Lemma drop_coord_sublinear : sublinear drop_coord.
Proof.
have [_ phom] := p_sublinear.
split=> [|t x]; first exact: drop_coord_add.
rewrite le_eqVlt => /orP[/eqP<-|]; last exact: drop_coord_scale.
have zero : (fun i => 0 * x i) = (fun i => (fun i => 0 * x i) i + (fun i => 0 * x i) i).
  by apply: funext => i; rewrite mul0r addr0.
rewrite mul0r; apply/eqP; rewrite eq_le; apply/andP; split.
  have := drop_coord_le (fun i => 0 * x i) 0.
  have -> : set_coord K (fun i => 0 * x i) 0 = (fun i => 0 * x i).
    by apply: funext => i; rewrite /set_coord; case: eqP; rewrite ?mul0r.
  by rewrite phom // !mul0r; lra.
by have := drop_coord_add (fun i => 0 * x i) (fun i => 0 * x i); rewrite -zero; lra.
Qed.

Lemma drop_coord_depends :
  depends_on_prefix K.+1 p -> depends_on_prefix K drop_coord.
Proof.
move=> pdep x y eq_xy; rewrite /drop_coord; congr (inf (image _ _)).
apply: funext => t; congr (_ - _); apply: pdep => i lt_iK; rewrite /set_coord.
by case: eqP => // /eqP iK; apply: eq_xy; rewrite ltn_neqAle iK -ltnS.
Qed.

Lemma drop_coord_at : drop_coord x0 = p x0 - s * x0 K.
Proof.
apply/eqP; rewrite eq_le; apply/andP; split.
  by have := drop_coord_le x0 (x0 K); rewrite set_coord_id.
by apply: le_drop_coord => t; have := s_subgradient t; lra.
Qed.

End OneCoordinate.
Arguments drop_coord_sublinear {p K x0 s}.
Arguments drop_coord_depends {p K} s.
Arguments drop_coord_le {p K x0 s}.
Arguments drop_coord_at {p K x0 s}.

Theorem hahn_banach K p : sublinear p -> depends_on_prefix K p ->
  forall x0, exists b : nat -> R,
    (forall x, \sum_(i < K) b i * x i <= p x) /\ \sum_(i < K) b i * x0 i = p x0.
Proof.
elim: K p => [|K IH] p psub pdep x0.
  have p0 x : p x = 0.
    by rewrite (pdep x (fun i => 0 * x i)) // psub.2 // mul0r.
  by exists (fun _ => 0); split => [x|]; rewrite big_ord0 p0.
have [s s_sub] := @ex_subgradient (fun t => p (set_coord K x0 t)) (x0 K)
  (sublinear_set_coord_convex p K x0 (x0 K) psub).
rewrite /= set_coord_id in s_sub.
have [b [b_le b_eq]] :=
  IH _ (drop_coord_sublinear psub s_sub) (drop_coord_depends s pdep) x0.
have sum_ext y : \sum_(i < K.+1) (if i == K :> nat then s else b i) * y i =
    \sum_(i < K) b i * y i + s * y K.
  rewrite big_ord_recr /= eqxx; congr (_ + _).
  by apply: eq_bigr => i _; rewrite ltn_eqF.
exists (fun i => if i == K then s else b i); split=> [y|].
  rewrite sum_ext; have := b_le y; have := drop_coord_le psub s_sub y (y K).
  by rewrite set_coord_id; lra.
by rewrite sum_ext b_eq (drop_coord_at psub s_sub); lra.
Qed.

End HahnBanach.

Definition avg {R : pzSemiRingType} k (w u : nat -> R) := \sum_(i < k.+1) w i * u i.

● ● ● ●

Output exactly the lines of the material above from the one containing "move=> pdep x" up to and including the one containing "by rewrite (pdep".

move=> pdep x y eq_xy; rewrite /drop_coord; congr (inf (image _ _)).
apply: funext => t; congr (_ - _); apply: pdep => i lt_iK; rewrite /set_coord.
by case: eqP => // /eqP iK; apply: eq_xy; rewrite ltn_neqAle iK -ltnS.
Qed.

Lemma drop_coord_at : drop_coord x0 = p x0 - s * x0 K.
Proof.
apply/eqP; rewrite eq_le; apply/andP; split.
  by have := drop_coord_le x0 (x0 K); rewrite set_coord_id.
by apply: le_drop_coord => t; have := s_subgradient t; lra.
Qed.

End OneCoordinate.
Arguments drop_coord_sublinear {p K x0 s}.
Arguments drop_coord_depends {p K} s.
Arguments drop_coord_le {p K x0 s}.
Arguments drop_coord_at {p K x0 s}.

Theorem hahn_banach K p : sublinear p -> depends_on_prefix K p ->
  forall x0, exists b : nat -> R,
    (forall x, \sum_(i < K) b i * x i <= p x) /\ \sum_(i < K) b i * x0 i = p x0.
Proof.
elim: K p => [|K IH] p psub pdep x0.
  have p0 x : p x = 0.
    by rewrite (pdep x (fun i => 0 * x i)) // psub.2 // mul0r.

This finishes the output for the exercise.